Saved data entries.

==========

(* Let $p$ be an odd prime and $1\le\ell\le p-1$ with Legendre symbol $\left(\frac{8\ell+1}{p}\right)=-1$. Then for all $n,k\ge0$, $$b\!\left(4p^{2k+3}n+\frac{(8\ell+1)p^{2k+2}-1}{2}\right)\equiv 0\pmod 8.$$
   Context: The mock theta function $\mathcal{B}(q)=\sum_{n\ge0}\frac{q^n(-q;q^2)_n}{(q;q^2)_{n+1}}=\sum_{n\ge0}b(n)q^n$, where $(a;q)_n=\prod_{j=0}^{n-1}(1-aq^j)$. *)

From HB Require Import structures.
From mathcomp Require Import all_boot all_order all_algebra.
Set Implicit Arguments. Unset Strict Implicit. Unset Printing Implicit Defensive.
Import Order.TTheory GRing.Theory Num.Theory.
Local Open Scope ring_scope.

(* Formal power series in q with integer coefficients, as coefficient functions. *)
Definition ps := nat -> int.

Definition pmul (f g : ps) : ps := fun n => \sum_(i < n.+1) f i * g (n - i)%N.
Definition pone : ps := fun n => ((n == 0)%N)%:R.
Definition pX (k : nat) : ps := fun n => ((n == k)%N)%:R.
(* 1 + q^k  (used for k >= 1) *)
Definition opq (k : nat) : ps := fun n => ((n == 0)%N)%:R + ((n == k)%N)%:R.
(* 1/(1 - q^k) = sum_t q^(k t)  (used for k >= 1) *)
Definition geom (k : nat) : ps := fun n => ((k %| n)%N)%:R.

Definition pprod (s : seq ps) : ps := foldr pmul pone s.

==========

Task directions.
All lines above should be output verbatim.

Answer area.
(* Let $p$ be an odd prime and $1\le\ell\le p-1$ with Legendre symbol $\left(\frac{8\ell+1}{p}\right)=-1$. Then for all $n,k\ge0$, $$b\!\left(4p^{2k+3}n+\frac{(8\ell+1)p^{2k+2}-1}{2}\right)\equiv 0\pmod 8.$$
   Context: The mock theta function $\mathcal{B}(q)=\sum_{n\ge0}\frac{q^n(-q;q^2)_n}{(q;q^2)_{n+1}}=\sum_{n\ge0}b(n)q^n$, where $(a;q)_n=\prod_{j=0}^{n-1}(1-aq^j)$. *)

From HB Require Import structures.
From mathcomp Require Import all_boot all_order all_algebra.
Set Implicit Arguments. Unset Strict Implicit. Unset Printing Implicit Defensive.
Import Order.TTheory GRing.Theory Num.Theory.
Local Open Scope ring_scope.

(* Formal power series in q with integer coefficients, as coefficient functions. *)
Definition ps := nat -> int.

Definition pmul (f g : ps) : ps := fun n => \sum_(i < n.+1) f i * g (n - i)%N.
Definition pone : ps := fun n => ((n == 0)%N)%:R.
Definition pX (k : nat) : ps := fun n => ((n == k)%N)%:R.
(* 1 + q^k  (used for k >= 1) *)
Definition opq (k : nat) : ps := fun n => ((n == 0)%N)%:R + ((n == k)%N)%:R.
(* 1/(1 - q^k) = sum_t q^(k t)  (used for k >= 1) *)
Definition geom (k : nat) : ps := fun n => ((k %| n)%N)%:R.

Definition pprod (s : seq ps) : ps := foldr pmul pone s.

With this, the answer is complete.